In this activity we will generate a simulated kinetics plot of the spectra of a hypothetical molecule that follows a Boltzmann distrution and save it as a csv file. Then we will load the csv file into an xarray DataArray and explore it.

6.1 Create spectra simulation#

import os
import numpy as np
import xarray as xr
import pandas as pd
import matplotlib.pyplot as plt

# Define base directory and file path
base_data_dir = os.path.expanduser("~/data")  
spectra_dir = os.path.join(base_data_dir, "spectra")  
os.makedirs(spectra_dir, exist_ok=True)  # Ensure directory exists

# Define the file path for saving
spec2_vis_csv_spectrapath = os.path.join(spectra_dir, "spec2_vis.csv")

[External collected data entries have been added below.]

Theorem mainTheorem13 (T : set ext -> R)
  (HT : law_on_0_inf T)
  (Hpos : 0 < Fbar T 0)
  (Hsupp : inf_support_is_0 T)
  (Hst : forall mu : R, 0 < mu ->
     exists (Om : Type) (F : set (set Om)) (P : set Om -> R)
            (Tk : nat -> Om -> ext) (Rk : nat -> Om -> R),
       probability F P /\
       (forall k, has_law F P borel_ext (Tk k) T) /\
       (forall k, is_exponential F P mu (Rk k)) /\
       indep_family P Tk Rk /\
       (forall t, 0 <= t -> P (Ttilde_gt Tk Rk t) >= Fbar T t)) :
  Fbar T 0 = 1.
Proof.
destruct HT as [HTp _].
assert (Hb1 : Fbar T 0 <= 1) by exact (prob_le_1 _ _ _ HTp _ (borel_ext_gt 0)).
set (b := Fbar T 0) in *.
destruct (Rle_lt_or_eq_dec _ _ Hb1) as [Hb | Hb]; [exfalso | exact Hb].
destruct (Fbar_right_limit_0 T HTp (b / (2 - b))) as [t [Ht Hta]].
{ apply Rmult_lt_reg_r with (2 - b); [lra |].
  unfold Rdiv; rewrite Rmult_assoc, Rinv_l, Rmult_1_r by lra; fold b; nra. }
set (a := Fbar T t) in *.
assert (Hab : b < a * (2 - b)).
{ apply (Rmult_lt_compat_r (2 - b)) in Hta; [| lra].
  unfold Rdiv in Hta; rewrite Rmult_assoc, Rinv_l, Rmult_1_r in Hta by lra; exact Hta. }
destruct (Hst 1 Rlt_0_1) as [Om [F [P [Tk [Rk [HP [Hlaw [Hexp [Hind Hge]]]]]]]]].
pose proof (Ttilde_gt_tail_bound Om F P Tk Rk T 1 t HP Hlaw Hexp Hind (Rlt_le _ _ Ht)) as Hup.
specialize (Hge t (Rlt_le _ _ Ht)); fold a b in Hup, Hge.
assert (He : exp (- (1 * t)) < exp 0) by (apply exp_increasing; lra).
rewrite exp_0 in He; set (e := exp (- (1 * t))) in *.
assert (0 < (1 - e) * (a * (2 - b) - b)) by (apply Rmult_lt_0_compat; lra).
nra.
Qed.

# Define wavelength and time ranges
wavelengths = np.linspace(350, 700, 100)  # 100 wavelength points
times = np.linspace(0, 300, 30)  # 30 time points

# Simulate Absorbance Spectrum with a Boltzmann-like Shape Across Wavelengths
def generate_spectrum(wavelengths, peak_wavelength=525, width=50, max_absorbance=1.0):
    """Create a Gaussian peak across the wavelength range."""
    return max_absorbance * np.exp(-((wavelengths - peak_wavelength) ** 2) / (2 * width ** 2))

base_spectrum = generate_spectrum(wavelengths)

# Use exponential decay for time behavior
def kinetic_decay(time, t_half=100):
    """Exponential decay function"""
    return np.exp(-time / t_half)  # Corrected to true exponential decay
# Create a 2D Absorbance Array for (Wavelength, Time)
absorbance = np.outer(base_spectrum, kinetic_decay(times))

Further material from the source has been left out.